Human knowledge has limitations. Since the Ancient Greeks, philosophers have mentioned that this is a thing that happens, and that this is OK. Epistemology is another philosophical study in which we learn about the nature of knowledge. And one of the important things to understand about knowledge is that it can have these limitations.
This is not a bad thing, in all honesty. Some of us, myself included, would like to know and understand everything out there. I’d like to know everything from quantum physics to how to properly waltz to how to make the perfect tofu. It’s just not gonna happen due to the finite nature of our lives on this planet. But some things are just not gonna happen because they simply cannot be explained in a way that someone can understand in a lived way.
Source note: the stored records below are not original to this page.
(* Let $(A;A^+)$ be an $\mathbb{F}_1$-algebra pair and $(M,\le)$ a partially ordered $A$-module. (i) If $\mathbb{B}(M,\le)$ is finitely generated as a $\mathbb{B}[A;A^+]$-module, then $M$ is finitely generated as an $A$-module. (ii) Suppose $(A;A^+)$ is an $\mathbb{F}_1$-domain. If $\mathbb{B}(M,\le)$ is a projective $\mathbb{B}[A;A^+]$-module, then $M$ is a free $A$-module.
   Context: $(A;A^+)$: $A$ a commutative monoid with zero (multiplicative), $A^+\subseteq A$ a sharp submonoid containing $0$ (only unit $1$). $A$-modules are pointed sets with $A$-action ($0$ acts to the base point); free $A$-modules are wedge sums of copies of $A$. $\mathbb{B}[A;A^+]$ is the idempotent semiring of finitely generated $A^+$-submodules of $A$ ($\vee$ = union, $+$ = elementwise product). A partially ordered $A$-module: $A$-module with a partial order such that $fv\le gv$ whenever $f\in A^+g$, and $v\le w\Rightarrow fv\le fw$ for $f\in A$. $\mathbb{B}(M,\le)$ is the set of $A^+$-submodules of $M$ that are lower sets and are downward closures of finitely generated $A^+$-submodules, a $\mathbb{B}[A;A^+]$-module under union and elementwise multiplication. $(A;A^+)$ is an $\mathbb{F}_1$-domain if $A^+\setminus\{0\}$ is cancellative, $A$ is a localisation of $A^+$, and $A^+$ is integrally closed (saturated) in $A$: $f\in A$ and $f^n\in A^+$ for some $n\ge1$ imply $f\in A^+$. Projective: every surjection onto the module has a section. *)

From Stdlib Require Import List.
Import ListNotations.
Lemma nondegenerate_act_inj k k' (φ : dhom k k') (y : X k) (y' : X k') :
  nondegenerate y -> y = act X φ y' -> injective (sval φ).
Proof.
move=> y_nd y_φ; pose S := image_face (sval φ).
have φS i : sval φ i \in S by apply: mem_image_face.
have [lt_Sk | le_kS] := ltnP (face_dim S) k.
  case: y_nd; exists (face_dim S), (face_factor φS), (act X (face_map S) y'); split=> //.
    by apply: face_rank_image_surj; rewrite card_ord.
  by rewrite -act_dcomp face_factorK.
have /imset_injP φ_inj : #|S| == #|'I_k.+1|.
  by rewrite eqn_leq leq_imset_card card_ord -(prednK (image_face_gt0 (sval φ) ord0)).
by move=> i i'; apply: φ_inj.
Qed.

Lemma eilenberg_zilber_exists s (w : X s) : exists k (τ : dhom s k) (z : X k),
  [/\ Surjective (sval τ), nondegenerate z & w = act X τ z].
Proof.
elim/ltn_ind: s w => s IH w.
have [[k' [π [z [lt_k's π_surj ->]]]] | w_nd] := classic (degenerate w); last first.
  by exists s, (did s), w; split=> //; [move=> l; exists l | rewrite act_id].
have [k [τ [z' [τ_surj z'_nd ->]]]] := IH k' lt_k's z.
exists k, (dcomp τ π), z'; split=> //; last by rewrite act_dcomp.
by move=> l; have [i <-] := τ_surj l; have [i' <-] := π_surj i; exists i'.
Qed.

Lemma eilenberg_zilber_unique j k k' (σ : dhom j k) (σ' : dhom j k') (y : X k) (y' : X k') :
  Surjective (sval σ) -> Surjective (sval σ') -> nondegenerate y -> nondegenerate y' ->
  act X σ y = act X σ' y' ->
  existT (fun k => (dhom j k * X k)%type) k (σ, y) = existT _ k' (σ', y').
Proof.
move=> σ_surj σ'_surj y_nd y'_nd E.
have [d0 [d0K _]] := surj_section ord0 σ_surj.
have [d0' [d0'K _]] := surj_section ord0 σ'_surj.
have /leq_card := nondegenerate_act_inj y_nd (act_section_eq d0K E).
have /leq_card := nondegenerate_act_inj y'_nd (act_section_eq d0'K (esym E)).
rewrite !card_ord !ltnS => le_k'k le_kk'.
have ekk : k = k' by apply/eqP; rewrite eqn_leq le_kk' le_k'k.
subst k'.
have σ'_d_id (d : dhom k j) : cancel (sval d) (sval σ) -> dcomp σ' d = did k.
  move=> dK; apply: dhom_eq; apply: homo_inj_ord_id (proj2_sig (dcomp σ' d)) _.
  exact: nondegenerate_act_inj y_nd (act_section_eq dK E).
have -> : y' = y by rewrite (act_section_eq d0K E) σ'_d_id ?act_id.
have -> // : σ' = σ.
apply: dhom_eq => i; have [d [dK di]] := surj_section i σ_surj.
have := congr1 (fun h : dhom k k => sval h (sval σ i)) (σ'_d_id d dK).
by rewrite /= di.
Qed.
This is not bad, because it can offer us a chance to have a certain epistemic humility, and in doing so, to better listen to the stories and lives of others. I am not going to understand, as a white woman living in the United States, what it is like to be a Japanese man living in Japan. I can listen to him telling me what it is like living in Japan, what it is like being a man in Japan, but it is always going to be filtered through similes and subjectivity. I will never know his joys and struggles because I am not him.
And in understanding this, I think we can, in a practical way, give others more grace when they complain about things or tell us if they’ve had a bad day. YMMV (your mileage may vary) is definitely a part of human experience. Maybe, in considering this, we might have more empathy for people who are disabled or chronically ill, for instance, and start to grasp that things that might not affect us might affect others in a different way.
It’s easy to get stuck in our own experience and assume it is the same for everyone else. The human condition, amirite? But Nagel suggests otherwise, and while this can at first feel frustrating, I think it’s an opening to start a journey into a more compassionate existence.
The mind/body dualism thought into existence by Descartes cannot entirely be discredited by equating the mind to the brain.
According to Nagel, there are limitations on our knowledge and understanding of subjective experience.
Using examples of the bat and the Martian, Nagel explains that we will never know what it is like to be a bat, and a Martian won't know what it is like to be human.
Quantifying subjectivity is impossible for us to do because of our epistemic (knowledge) limitations.
In our epistemic humility, we can start to give others more validation, considering we can't know what it is like to walk in their shoes.